I was playing the it's not fair game a lot Friday night. Maybe you know it.... "It's not fair that this person or that person has been married two times, and has 3 kids, and I don't have any of that. It's not fair that that person has spent their life not following God, and they have everything they have ever wanted, a family and kids, and a great job. It's not fair!" Trust me about 1/2 bottle in, this conversation was pretty one sided, and pretty whiny. It was also pretty self-focused.
Conversations with people, and sermons have a way of pointing me back to where I need to be. I feel like I had a couple conversations this weekend that directed me to focus more on God, and less on myself. But actually that's not true, because in focusing on God I realize more of the weaknesses I hold, and the things I need to change about myself.
So, I am sitting in church today, and what do you think the sermon is on? Being shaped by what we love. Talking about how we love the lesser things more, and the greater things less. That was the first time that I was shaken a little. Of course my focus, especially the other night when I made this decision to just give in to things, because it is easier that way. Definitely I was loving the lesser more than the greater. I was letting that desire be what rules my life.
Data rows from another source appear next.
(* Prepend the edge, cutting out the loop if x already lies on q. *)
Lemma avoid_path_cons x j q : E x j -> B j = false -> avoid_path E n B j q t ->
  exists p, avoid_path E n B x p t /\ path_cost w x p <= w x j + path_cost w j q.
Proof.
  intros Hxj Hj [Hnodup Hwalk]. pose proof (w_pos x j Hxj).
  destruct (classic (In x (j :: q))) as [[<-|Hin]|Hnin].
  - exists q. split; [split; assumption|lra].
  - destruct (in_split _ _ Hin) as [q1 [q2 ->]].
    destruct (walk_to_suffix j q1 x q2 Hwalk) as [Hsuffix Hcost].
    exists q2. split; [split; [|exact Hsuffix]|lra].
    inversion Hnodup as [|? ? _ Hnodup']. now apply NoDup_app_remove_l in Hnodup'.
  - exists (j :: q). split; [split|simpl; lra].
    + now constructor.
    + simpl. repeat split;
        [exact Hxj|exact (proj2 (edge_lt x j Hxj))|exact Hj|exact Hwalk].
Qed.

Lemma dist_triangle x j : T x = true -> E x j -> dist x <= w x j + dist j.
Proof.
  intros Hx Hxj. pose proof (w_pos x j Hxj). apply inT_spec in Hx as [Hxn [_ HBx]].
  unfold dist at 2. destruct (excluded_middle_informative (reachable j)) as [[HBj Hj]|].
  - destruct (shortest_spec j Hj) as [[q [Hq Hcost]] _].
    destruct (avoid_path_cons x j q Hxj HBj Hq) as [p [Hp Hpcost]].
    assert (Hrx : reachable x) by (split; [exact HBx|now exists p]).
    unfold dist. destruct (excluded_middle_informative (reachable x)); [|tauto].
    destruct (shortest_spec x (proj2 Hrx)) as [_ Hmin].
    pose proof (Hmin p Hp). lra.
  - pose proof (dist_le_far x Hxn). lra.
Qed.

Fixpoint path_prob (x : nat) (p : list nat) : R :=
  match p with
  | [] => 1
  | y :: q => P x y * path_prob y q
  end.

Lemma path_prob_pos x p : walk_to E n B x p t -> 0 < path_prob x p.
Proof.
  revert x. induction p as [|z q IH]; simpl; intros x Hwalk; [lra|].
  destruct Hwalk as [Hxz [_ [_ Hwalk]]]. destruct (edge_lt x z Hxz).
  apply Rmult_lt_0_compat; [now apply P_pos_iff_edge|exact (IH z Hwalk)].
Qed.

Lemma Qabs_ge_path al x p : 0 < al < 1 -> (x < n)%nat -> B x = false ->
  avoid_path E n B x p t -> path_prob x p * Rpower al (path_cost w x p) <= Q al x.
Proof.
  intros Hal. revert x. induction p as [|y q IH]; simpl; intros x Hxn HBx [Hnodup Hwalk].
  - simpl in Hwalk. subst x. rewrite Qabs_t, Rpower_O; lra.
  - destruct Hwalk as [Hxy [Hyn [HBy Hwalk]]].
    inversion Hnodup as [|? ? Hxq Hnodup'].
    assert (Hx : T x = true).
    { apply inT_spec. repeat split; [exact Hxn| |exact HBx].
      intros ->. apply Hxq, (walk_to_In_t y q Hwalk). }
    pose proof (IH y Hyn HBy (conj Hnodup' Hwalk)) as IHy.
    rewrite (Qabs_harmonic al x Hal Hx).
    assert (Hterm : A al x y * Q al y <= sumR n (fun j => A al x j * Q al j)).
    { apply (sumR_term_le n (fun j => A al x j * Q al j)); [|exact Hyn].
      intros k Hk. apply Rmult_le_pos; [now apply Pev_ge0|now apply Qabs_ge0]. }
    assert (A al x y * (path_prob y q * Rpower al (path_cost w y q)) <= A al x y * Q al y)
      by (apply Rmult_le_compat_l; [now apply Pev_ge0|exact IHy]).
    unfold Pev in *. rewrite Rpower_plus.
    replace (P x y * path_prob y q * (Rpower al (w x y) * Rpower al (path_cost w y q)))
      with (P x y * Rpower al (w x y) * (path_prob y q * Rpower al (path_cost w y q)))
      by ring.
    lra.
Qed.

Lemma Uavoid_tends_to_shortest s : (s < n)%nat -> B s = false -> s <> t ->
  (exists p, avoid_path E n B s p t) ->
  limit1_in (fun al => Uavoid n t B P w al s) (fun al => 0 < al < 1) (shortest s) 0.
Proof.
  intros Hsn HBs Hst Hex.
  assert (Hs : T s = true) by (apply inT_spec; auto).
  assert (Hdist : dist s = shortest s).
  { unfold dist. destruct (excluded_middle_informative (reachable s)) as [|Hnr];
      [reflexivity|exfalso; now apply Hnr]. }
  rewrite <- Hdist.
  apply (Uavoid_tends_to_potential dist dist_t dist_ge0 dist_triangle s Hs).
  destruct (shortest_spec s Hex) as [[p [Hp Hcost]] _].
  exists (path_prob s p). split; [exact (path_prob_pos s p (proj2 Hp))|].
  intros al Hal. rewrite Hdist, <- Hcost. now apply Qabs_ge_path.
Qed.

End EvaporatingNetwork.

Theorem mainTheorem9
  (n : nat) (E : nat -> nat -> Prop) (P w : nat -> nat -> R)
  (HPnn : forall i j, (i < n)%nat -> (j < n)%nat -> 0 <= P i j)
  (HProw : forall i, (i < n)%nat -> sumR n (fun j => P i j) = 1)
  (HPE : forall i j, (i < n)%nat -> (j < n)%nat -> (0 < P i j <-> E i j))
  (HEV : forall i j, E i j -> (i < n)%nat /\ (j < n)%nat)
  (Hw : forall i j, E i j -> 0 < w i j)
  (t : nat) (Ht : (t < n)%nat)
  (Fl : nat -> bool) (HFt : Fl t = false)
  (s : nat) (Hs : (s < n)%nat) (HsF : Fl s = false) (Hst : s <> t)
  (Hreach : exists p, avoid_path E n Fl s p t) :
  exists L, is_min_path_cost E n Fl w s t L /\
    limit1_in (fun alpha => Uavoid n t Fl P w alpha s)
              (fun alpha => 0 < alpha < 1) L 0.
Proof.
  exists (shortest n E w t Fl s). split.
  - now apply shortest_spec.
  - exact (Uavoid_tends_to_shortest n E P w HPnn HProw HPE Hw t Ht Fl HEV HFt
             s Hs HsF Hst Hreach).
Qed.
I am also having a really hard time finding my way in the current world we live in. Not being so focused on this world, yet knowing that my job here is to be His, and seek goodness. How am I going to seek goodness, if I don't truly understand what Jesus' goodness looks like? It is such a confusing way to live. Maybe I don't have enough that I am adamant about? Maybe my need to offend no one is actually harming my voice of love for others? I don't necessarily think that the sermon today was something that is going to help me understand this, but it did spur me down the path of thinking about this more.
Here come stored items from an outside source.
(* Write N := M^-1, so that v = projmap N v~ and F~_a(v~) = l_N(v~) F_a(projmap N v~),
   where l_N is the last form of N.  Differentiating, F~_{a,i} is a fixed linear
   combination, with coefficients from row i of N, of the F_{a,j} and of the
   Euler term F_a - sum_j v^j F_{a,j}.  Along a solution the derivative of the
   Euler term is - sum_j v^j (F_{a,j})', since the terms (v^j)' F_{a,j} cancel.
   Hence the transformed equations are the first n entries of N *m X, where
   X := (E, - sum_j v^j E_j) collects the original equations E_j; as X is
   orthogonal to (v, 1) and N is invertible, N *m X has vanishing first n
   entries only if X = 0. *)

Section MatrixCalculus.
Variable R : realType.

Lemma differentiable_mx (V : normedModType R) m n (h : V -> 'M[R]_(m, n)) x :
  (forall i j, differentiable (fun y => h y i j) x) -> differentiable h x.
Proof.
move=> dh.
have -> : h = \sum_(i < m) \sum_(j < n) (fun y => h y i j *: delta_mx i j).
  apply/funext => y; rewrite [LHS]matrix_sum_delta !fct_sumE.
  by apply: eq_bigr => i _; rewrite fct_sumE.
by do 2![apply: differentiable_sum => ?]; exact: differentiableZl.
Qed.

Lemma differentiable_mx_coord (V : normedModType R) m n (h : V -> 'M[R]_(m, n))
    x i j :
  differentiable h x -> differentiable (fun y => h y i j) x.
Proof.
by move=> dh; exact: (differentiable_comp dh (differentiable_coord _ i j)).
Qed.

Lemma derive_mx_coord (V : normedModType R) m n (h : V -> 'M[R]_(m, n)) x v i j :
  differentiable h x -> 'D_v (fun y => h y i j) x = ('D_v h x) i j.
Proof. by move=> dh; rewrite (derive_mx (diff_derivable (v := v) dh)) mxE. Qed.

Lemma derive_row_coord n (w v : 'rV[R]_n) j :
  'D_v (fun y : 'rV[R]_n => y 0 j) w = v 0 j.
Proof. by rewrite derive_mx_coord // derive_id. Qed.

Lemma derive_comp_partial (V : normedModType R) n (g : 'rV[R]_n -> R)
    (h : V -> 'rV[R]_n) x v :
  differentiable h x -> differentiable g (h x) ->
  'D_v (g \o h) x = \sum_(j < n) ('D_v h x) 0 j * partial g j (h x).
Proof.
move=> dh dg; rewrite deriveE; last exact: differentiable_comp.
rewrite diff_comp // /= -(deriveE (f := h) v) //.
rewrite [X in 'd g (h x) X]row_sum_delta linear_sum.
by apply: eq_bigr => j _; rewrite linearZ /= /partial !deriveE.
Qed.

Lemma sum_delta_mx_mul n (i : 'I_n) (c : 'I_n -> R) :
  \sum_(j < n) (delta_mx 0 i : 'rV[R]_n) 0 j * c j = c i.
Proof.
rewrite (bigD1 i) //= big1 ?addr0; first by rewrite mxE !eqxx mul1r.
by move=> j ji; rewrite mxE (negPf ji) andbF mul0r.
Qed.

End MatrixCalculus.

(* The bare name [hom] would resolve to the linear-map type of [vector]. *)
Local Notation hom := Defs.hom.

Section ProjectiveMap.
Variables (R : realType) (n : nat).
Implicit Types (M N : 'M[R]_(n + 1)) (v w : 'rV[R]_n).

Lemma hom_lshift v j : hom v 0 (lshift 1 j) = v 0 j.
Proof. by rewrite /hom row_mxEl. Qed.

Lemma hom_rshift v k : hom v 0 (rshift n k) = 1.
Proof. by rewrite /hom row_mxEr mxE. Qed.

Lemma hom_mulmxE m (A : 'M[R]_(n + 1, m)) v k :
  (hom v *m A) 0 k = \sum_(j < n) v 0 j * A (lshift 1 j) k + A (rshift n 0) k.
Proof.
rewrite mxE big_split_ord /= big_ord1 hom_rshift mul1r.
by congr (_ + _); apply: eq_bigr => j _; rewrite hom_lshift.
Qed.

Lemma lformE M v : lform M v = (hom v *m M) 0 (rshift n 0).
Proof. by rewrite /lform mxE. Qed.

Lemma projmapE M v j :
  projmap M v 0 j = (lform M v)^-1 * (hom v *m M) 0 (lshift 1 j).
Proof. by rewrite /projmap /lforms !mxE. Qed.

Lemma hom_projmap M v : lform M v != 0 ->
  hom (projmap M v) = (lform M v)^-1 *: (hom v *m M).
Proof.
move=> lM; rewrite -[hom v *m M]hsubmxK scale_row_mx {1}/hom; congr row_mx.
by apply/rowP => k; rewrite ord1 mxE [RHS]mxE -/(lform M v) mulVf.
Qed.

Lemma lform_inv_projmap M v : M \in unitmx -> lform M v != 0 ->
  lform (invmx M) (projmap M v) = (lform M v)^-1.
Proof.
by move=> uM lM; rewrite lformE hom_projmap // -scalemxAl mulmxK // mxE hom_rshift mulr1.
Qed.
Jesus lived the authority of the Bible, but I don't know that I have been living that. I don't know that my life truly shows the authority of the Bible. How do I live that out without becoming a pharisee, or a hypocrite? How do I portray the loving kind of righteousness? The Jesus kind of righteousness without turning everyone away from God? Is there even a way to do that?
One of the things that was said today is that "Righteousness is what your life looks like when you are living in God's kingdom."
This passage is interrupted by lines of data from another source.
(* Let $\Gamma$ be a weighted digraph with vertex set $\{1,\dots,n\}$, $n>1$, without loops and with strictly positive arc weights, with Laplacian matrix $L$, matrices of in-forests $Q_k$ and in-forest weights $\sigma_k$. For every $m=0,1,2,\dots$, $$(-L)^m=\sum_{k=0}^{m}\alpha_kQ_{m-k},$$ where $\alpha_0=1$ and, for $k\ge1$, $$\alpha_k=\sum_{(p_1,\dots,p_k):\ \sum_{i=1}^k ip_i=k}(-1)^{\sum_{i=1}^k p_i}\frac{\big(\sum_{i=1}^k p_i\big)!}{\prod_{i=1}^k p_i!}\prod_{i=1}^k\sigma_i^{p_i},$$ the outer sum ranging over all $k$-tuples of nonnegative integers $(p_1,\dots,p_k)$ with $\sum_{i=1}^k ip_i=k$.
   Context: $W=(w_{ij})$ is the matrix of arc weights ($w_{ij}>0$ iff there is an arc $i\to j$, else $0$). The Laplacian $L=(\ell_{ij})$: $\ell_{ij}=-w_{ij}$ for $j\ne i$, $\ell_{ii}=\sum_{k\ne i}w_{ik}$. The weight of a subgraph is the product of its arc weights (1 if no arcs); the weight of a set of subgraphs is the sum of their weights (0 for the empty set). A converging tree is a weakly connected digraph with one vertex (the root) of outdegree 0 and all others of outdegree 1; an in-forest is a spanning subgraph of $\Gamma$ whose weak components are converging trees. $\sigma_k$ is the total weight of in-forests of $\Gamma$ with $k$ arcs ($\sigma_0=1$). $Q_k=(q^k_{ij})$ where $q^k_{ij}$ is the total weight of in-forests with $k$ arcs in which $i$ lies in a tree rooted at $j$ ($Q_0=I$). *)

From HB Require Import structures.
From mathcomp Require Import all_boot all_order all_algebra.
Set Implicit Arguments. Unset Strict Implicit. Unset Printing Implicit Defensive.
Import Order.TTheory GRing.Theory Num.Theory.
Local Open Scope ring_scope.

Section Forests.
Variables (R : realFieldType) (n : nat) (W : 'M[R]_n).

Definition arcs : {set 'I_n * 'I_n} := [set a | 0 < W a.1 a.2].

Definition laplacian : 'M[R]_n :=
  \matrix_(i, j) if i == j then \sum_(k | k != i) W i k else - W i j.

(* a subgraph (spanning) is given by its arc set F *)
Definition outdeg (F : {set 'I_n * 'I_n}) (i : 'I_n) : nat :=
  #|[set j | (i, j) \in F]|.

Definition weak_adj (F : {set 'I_n * 'I_n}) : rel 'I_n :=
  fun x y => ((x, y) \in F) || ((y, x) \in F).

Definition wcomp (F : {set 'I_n * 'I_n}) (x : 'I_n) : {set 'I_n} :=
  [set y | connect (weak_adj F) x y].

(* the weak component C is a converging tree: exactly one root of outdegree 0,
   all other vertices of outdegree 1 (C is weakly connected by construction,
   and every arc of F touching C lies inside C) *)
Definition converging_tree_comp (F : {set 'I_n * 'I_n}) (C : {set 'I_n}) : bool :=
  [exists r in C, (outdeg F r == 0)%N &&
     [forall v in C, (v != r) ==> (outdeg F v == 1)%N]].

Definition in_forest (F : {set 'I_n * 'I_n}) : bool :=
  (F \subset arcs) && [forall x, converging_tree_comp F (wcomp F x)].

Definition sweight (F : {set 'I_n * 'I_n}) : R := \prod_(a in F) W a.1 a.2.

Definition sigma (k : nat) : R :=
  \sum_(F : {set 'I_n * 'I_n} | in_forest F && (#|F| == k)) sweight F.

Definition rooted_at (F : {set 'I_n * 'I_n}) (i j : 'I_n) : bool :=
  (j \in wcomp F i) && (outdeg F j == 0)%N.

Definition Qmx (k : nat) : 'M[R]_n :=
  \matrix_(i, j) \sum_(F : {set 'I_n * 'I_n} |
                      [&& in_forest F, #|F| == k & rooted_at F i j]) sweight F.

(* alpha_k : p : 'I_k -> 'I_k.+1 encodes (p_1,...,p_k) with p_{i+1} = p i;
   every nonneg solution of sum i p_i = k has p_i <= k *)
Definition alpha (k : nat) : R :=
  if k == 0%N then 1 else
  \sum_(p : {ffun 'I_k -> 'I_k.+1} | (\sum_(i < k) i.+1 * p i)%N == k)
    (-1) ^+ (\sum_(i < k) p i)%N
    * ((\sum_(i < k) p i)`!)%:R / (\prod_(i < k) (p i)`!)%:R
    * \prod_(i < k) sigma i.+1 ^+ p i.

End Forests.

Definition mxpow (R : realFieldType) (n : nat) (A : 'M[R]_n) (m : nat) : 'M[R]_n :=
  iter m (mulmx A) 1%:M.

From HB Require Import structures.
From mathcomp Require Import all_boot all_order all_algebra.
From mathcomp Require Import ring zify.
Set Implicit Arguments. Unset Strict Implicit. Unset Printing Implicit Defensive.
Import Order.TTheory GRing.Theory Num.Theory.
Local Open Scope ring_scope.

(* Deleting the arc leaving a non-root vertex [i] of an in-forest [G] gives an
   in-forest [H] in which [i] is a root and the head [l] of the arc lies outside
   the tree of [i]; conversely each such pair [(H, i -> l)] comes from exactly one
   [G], whose trees are those of [H] with the tree of [i] grafted below [l].
   Summing over these pairs gives [Q_(k+1) = sigma_(k+1) I - L Q_k]: in [-L Q_k]
   the forests in which [i] is not a root contribute a double sum of the
   antisymmetric form [sum_(l0, l) c l0 * c l * (rho l - rho l0)], which vanishes.
   On the scalar side, splitting each multinomial coefficient
   [(sum p)! / prod (p t)!] according to which part is removed shows
   [alpha_(m+1) = - sum_(i <= m) sigma_(i+1) alpha_(m-i)], i.e. [sum alpha_k t^k]
   is the inverse of [sum sigma_k t^k]. *)

Lemma connect_neq_step (T : finType) (e : rel T) x z :
  connect e x z -> x != z -> exists2 y, e x y & connect e y z.
Proof.
move=> /connectP [[|y p] /= xpz ->]; first by rewrite eqxx.
by case/andP: xpz => xy pz _; exists y => //; apply/connectP; exists p.
Qed.

Section InForests.
Variables (R : realFieldType) (n : nat) (W : 'M[R]_n).
Implicit Types (F G H : {set 'I_n * 'I_n}) (x y z i j l : 'I_n).

Definition arc_rel F : rel 'I_n := fun x y => (x, y) \in F.
Definition functional F := forall x, (outdeg F x <= 1)%N.
Definition reaches_root F x z := connect (arc_rel F) x z && (outdeg F z == 0)%N.

Lemma outdeg0P F x : reflect (forall y, (x, y) \notin F) (outdeg F x == 0)%N.
Proof.
rewrite /outdeg cards_eq0; apply: (iffP eqP) => [F0 y|noF].
  by apply/negP => xy; have := in_set0 y; rewrite -F0 inE xy.
by apply/setP => y; rewrite !inE (negbTE (noF y)).
Qed.

Lemma functional_uniq F x a b : functional F -> (x, a) \in F -> (x, b) \in F -> a = b.
Proof.
move=> /(_ x) /card_le1P le1 xa xb.
by have := le1 a; rewrite !inE => /(_ xa) /(_ b); rewrite !inE xb => /esym /eqP.
Qed.

Lemma connect_root F z y : (outdeg F z == 0)%N -> connect (arc_rel F) z y -> y = z.
Proof.
move=> /outdeg0P z0 zy; apply/eqP; rewrite eq_sym; apply: contraT.
by case/(connect_neq_step zy) => w zw _; have := z0 w; rewrite [_ \in _]zw.
Qed.

Lemma reaches_root_refl F x : (outdeg F x == 0)%N -> reaches_root F x x.
Proof. by move=> x0; rewrite /reaches_root connect0. Qed.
To me living in God's Kingdom means being more involved in His word than other things. My desire is to know Him more. My desire is to not mess up this life too badly. My desire is to constantly know how I need to change in order to love Him with all my heart. So as I take a deep breath, and understand how He wants to change me, I open up my heart and mind to people that I need to learn from. I dive into things and community that are going to bring me closer to Him, instead of farther away. I try to say no to the things that cause me to be living in the world's Kingdom, instead of God's. It's a journey and I know that, but I truly hope that my life is shaped by His focus, rather than my own.